Report: Pedestrian Death in Car Crashes Rise to Record Levels
As more and more cars have been sold, typically the “record levels of collisions” talk has revolved around vehicle-to-vehicle crashes or vehicle-to-object crashes. However, according to the Associated Press, we should probably be adding vehicle-to-pedestrian collisions to the grisly record books.
According to the Governors Highway Safety Association (GHSA), pedestrian deaths in car crashes have risen to nearly 6,000 last year—a sharp jump of 11% to the highest total in over 20 years.
However, here the blame does not seem to be on the simple proliferation of car sales. Researchers instead seem to think that the blame should be dropped on the cause of so many car crashes: distractions (mostly cell phones). Of course, they aren’t at all sure, because that is very difficult to confirm.

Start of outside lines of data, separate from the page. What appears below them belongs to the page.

Lemma candidate_step H : candidate H -> PT (run j L ++ H) -> candidate (step H A).
Proof.
case=> gH hHA lbH keepH PSH PTH.
have lbS : all (fun x => j + 2 * L < x) (step H A).
  by apply: (all2_all_up _ (step_ge H A) lbH) => a b; lia.
split => //; [exact: step_gapped | exact: step_below | |].
- by move=> x xA kx; apply: step_keeps => //; apply: keepH.
- have gHL : gapped (run j L ++ H).
    by apply: gapped_run_cat => //; apply: sub_all lbH => x /=; lia.
  have := PT_shift gHL PTH; rewrite map_cat map_succ_run; apply: PS_mono.
  + by apply: gapped_run_cat; [exact: step_gapped | apply: sub_all lbS => x /=; lia].
  + apply: gapped_run_cat; first exact: gapped_map_succ.
    by rewrite all_map; apply: sub_all lbH => x /=; lia.
  + by rewrite all2_cat ?size_run // all2_refl step_le.
Qed.

Lemma descent H : candidate H -> exists H', candidate H' /\ ~ PT (run j L ++ H').
Proof.
have [d] := ubnP (sumn A - sumn H); elim: d H => // d IH H hd cH.
case: (classic (PT (run j L ++ H))) => PTH; last by exists H.
have cS := candidate_step cH PTH.
have [_ hHA _ _ _] := cH; have [_ hSA _ _ _] := cS.
have neHA : H <> A by move=> eHA; apply: notPT_A; rewrite -eHA.
have := step_sum hHA neHA; have [hle _] := all2_sumn hSA.
by move=> hlt; apply: IH cS; lia.
Qed.

End Descent.

Lemma common_facet (PS PT : seq nat -> Prop) j a b :
  (forall u v, gapped u -> gapped v -> all2 leq u v -> PS v -> PS u) ->
  (forall v, gapped v -> PT v -> PS (map succn v)) ->
  gapped (j :: a) -> gapped (j.+1 :: b) -> size a = size b ->
  ~ PT (j :: a) -> PS (j.+1 :: b) ->
  exists (L : nat) (H : seq nat), [/\ 1 <= L, L + size H = (size a).+1, gapped H
                   & all (fun x => j + 2 * L < x) H] /\
    [/\ PS (run j.+1 L ++ H), ~ PT (run j L ++ H) &
         forall x, x \in flat (j :: a) -> x \in flat (j.+1 :: b) ->
           x \in flat H \/ j < x < j + 2 * L].
Proof.
move=> PS_mono PT_shift ga gc sab nPTa PSc.
have [L [A [hL eA lbA]]] := run_decomposition ga.
set c := j.+1 :: b in gc PSc *; set B := drop L c.
have gA : gapped A by move: ga; rewrite eA => /cat_sorted2 [].
have szA : L + size A = (size a).+1 by rewrite -(size_run j L) -size_cat -eA.
have szB : size A = size B by rewrite size_drop /= -sab; lia.
have lbc : all (fun x => j.+1 <= x) c := gapped_head_lb gc.
have lbB : all (fun x => j + 2 * L < x) B by apply: sub_all (drop_lb L gc lbc) => x /=; lia.
have gB : gapped B := drop_sorted L gc.
have lb0 : all (fun x => j + 2 * L < x) (seqmin A B) := seqmin_lb lbA lbB.
have gH0 : gapped (seqmin A B) := seqmin_gapped gA gB.
have cand0 : candidate PS j L A (fun x => x \in flat c) (seqmin A B).
  split; [exact: gH0 | exact: seqmin_le_l | exact: lb0 | |].
  - move=> x xA; rewrite -(cat_take_drop L c) flat_cat mem_cat => /orP [xt|xB].
      apply: seqmin_keeps_l => //; apply/allP => y yB.
      by apply: gapped_cat_lt xt yB; rewrite cat_take_drop.
    exact: seqmin_keeps szB gA gB xA xB.
  - apply: PS_mono PSc; [ | exact: gc | ].
    + by apply: gapped_run_cat gH0 _; apply: sub_all lb0 => x /=; lia.
    + rewrite -(cat_take_drop L c) all2_cat ?size_run ?size_takel /= ?seqmin_le_r ?andbT //;
        try lia.
      by apply: run_le_take => //=; lia.
have [|H [[gH hHA lbH keepH PSH] nPTH]] := descent PS_mono PT_shift gA _ cand0.
  by rewrite -eA.
exists L, H; split; first by split => //; rewrite (all2_size hHA).
split => // x; rewrite eA flat_cat mem_cat mem_flat_run => /orP [xrun|xA] xc.
  by right; have := flat_lb lbc xc; lia.
by left; apply: keepH.
Qed.

Local Open Scope fset_scope.

Lemma mem_pairset_head i t x :
  (x \in pairset t `|` interval i (i + 1)) = (x \in flat (i :: t)).
Proof. by rewrite in_fsetU mem_pairset mem_interval mem_flat_cons addn1 orbC. Qed.

Lemma D_from_run k n X Y i l h s : 1 <= k -> 1 <= i -> 1 <= l ->
  pair_family k n X -> pair_family k n Y -> gapped h -> all (fun x => i + 2 * l <= x) h ->
  below X (run i l ++ h) -> ~ below Y (run i l ++ h) ->
  s `<=` pairset (run i l ++ h) -> D k n X Y i s.
Proof.
case: l => // l hk hi _ hX hY gh lbh bX nbY sub.
have gc := gapped_run_cat gh lbh; have [szc ubc] := below_bound hX gc bX.
move: gc ubc szc bX nbY sub; set t := run i.+2 l ++ h; rewrite [run _ _ ++ _]/= -/t.
rewrite gapped_cons => /andP [lbt gt] /andP [_ ubt] /= szt bX nbY sub.
apply/(D_char _ hk hi hX hY); exists t; split => //.
- split => //; first lia.
  apply/allP => x xt; rewrite (allP ubt x xt) andbT.
  by move/allP: lbt => /(_ x xt); rewrite /gap2; lia.
- by apply/fsubsetP => x /(fsubsetP sub); rewrite mem_pairset_head mem_pairset.
Qed.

However, miles of driving and walking have apparently only risen a few percentage points while texting and wireless device use has, of course, skyrocketed.
Richard Retting, safety director for Sam Schwartz Transportation Consultants and author of the GHSA report, defended the cause conclusion, summing up the argument by saying, “It’s the only factor that that seems to indicate a dramatic change in how people behave.”
This report isn’t necessarily conclusive—it is based on data from the states and District of Colombia from the first half of 2016 extrapolated out for the rest of the year. However, signs aren’t good, as this makes for the largest annual increase in deaths in the 40 years since the records started being kept.
So, the bottom line seems to be that putting down the phone while driving isn’t just about protecting people in the car—it’s about everyone walking by on the sidewalk as well. Also, when you are crossing the street, it will probably be best to wait to finish your text until you are safely on the other side.